Langley tiene una habilidad similar para avivar las llamas de la especulación de los fanáticos. A pesar de las negativas periódicas de ambos bandos, los fanáticos están convencidos de que Langley tiene una relación sentimental con Riley Green, su compañero de dueto en el alegre lanzamiento nacional de 2024, número uno en Estados Unidos. Pareces amarme. El atrevido video de la canción, que tiene lugar en un salón del Lejano Oeste y literalmente termina con la pareja cabalgando hacia el atardecer, hizo poco para disipar los rumores. En junio del año pasado, un video transmisión en línea de Langley guiñándole un ojo a un fan que sostenía un mensaje que decía: “Guiño si Riley es un tonto”. Más tarde, Langley descartó el guiño como una broma, pero los fanáticos aprovecharon al máximo el momento, que pareció recompensar su trabajo de detective. Más recientemente, los fanáticos de los detectives notaron que la portada de Choosin’ Texas parecía extrañamente similar a una foto de paparazzi tomada de Green con Moroney. Sí, hay rumores de un triángulo amoroso.
“La música country tiene que ver con contar historias y, en la era de las redes sociales, los fans no sólo escuchan esa historia, sino que participan en ella”, dijo Carlson. “Existe una población joven de fans femeninas que están convirtiendo estas canciones en momentos culturales compartidos, y ambos artistas realmente entienden esa conversación y la mantienen con sus fans en torno a las canciones”.
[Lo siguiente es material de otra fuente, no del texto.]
(* Upper bound: flip the components of Is (+) It one at a time.  After
   flipping a union U of components the current set agrees with It on U and
   with Is elsewhere.  An edge from x in U to a current vertex y outside U
   forces y outside Is (+) It (else y would lie in the component of x); so y,
   being in Is, is in It as well, and so is x.

   Lower bound: a path on n vertices is an induced subgraph of the cycle
   C_(n+1), so we may work inside a cycle.  Call i a tail of A if i is in A
   and i+1 is not.  Every component of A contains a tail unless A is the whole
   cycle, so cc(A) is at most the number of tails.  A connected set has at most
   one tail, and since a set has twice as many boundary edges as tails, tails
   are subadditive under symmetric difference; hence each reconfiguration step
   adds at most one tail to Is (+) I_k. *)

Section Scanl.

Variables (T1 : Type) (T2 : eqType) (f : T1 -> T2 -> T1).

Lemma all_scanl (P : pred T1) z s :
  (forall k, P (foldl f z (take k s))) -> all P (z :: scanl f z s).
Proof.
elim: s z => [|c s IH] z Pfold /=; first by rewrite (Pfold 0).
by rewrite (Pfold 0); exact: IH (fun k => Pfold k.+1).
Qed.

Lemma path_scanl (R : rel T1) z (s : seq T2) :
  (forall a c, c \in s -> R a (f a c)) -> path R z (scanl f z s).
Proof.
elim: s z => [|c s IH] z Rf //=.
by rewrite Rf ?mem_head //=; apply: IH => a d ds; rewrite Rf // inE ds orbT.
Qed.

Lemma last_scanl z s : last z (scanl f z s) = foldl f z s.
Proof. by elim: s z => [|c s IH] z //=. Qed.

End Scanl.

Section Symdiff.

Variable T : finType.
Implicit Types A B C : {set T}.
La radio rural tardó más en responder. Choosin’ Texas encabezó la lista Streaming Hot Country Songs de Billboard en solo seis semanas, pero tardó 16 semanas en alcanzar el número uno en la lista Slow Country Airplay. En cuanto a Moroney, a pesar de que las ventas de álbumes y entradas superan a las de todos sus pares masculinos, excepto unos pocos, aún no ha conseguido un sencillo número uno en Country Airplay. En cambio, se encuentra con los fans donde están, más recientemente en la gira por el país “9 Cities 9 Days” antes del lanzamiento de Cloud 9.
“Megan vino a nosotros y dijo que quería hacer algo loco para sus fans: nueve ciudades, nueve días, boletos de $9. Fue su idea, y fue una idea brillante”, dijo Elisa Vazzana, agente de gira de Moroney en United Talent Agency, y agregó que se habían implementado medidas anti-bot. “Las entradas se tenían que adquirir personalmente en taquilla, dos por persona, y todos tenían que estar presentes. A un precio de 9 dólares, no íbamos a dejar que acabaran en secundarias”.
Los fanáticos hicieron fila, trabajaron juntos en coloridas pancartas caseras y se apiñaron para tomar fotos alrededor de camionetas de 18 ruedas adornadas con la carátula rosa neón del álbum de Moroney. La propia artista parecía disfrutar la experiencia de la comunidad tanto como ellos: Moroney publicó un video de una multitud cantando con la leyenda: “la terapia de grupo ha vuelto”.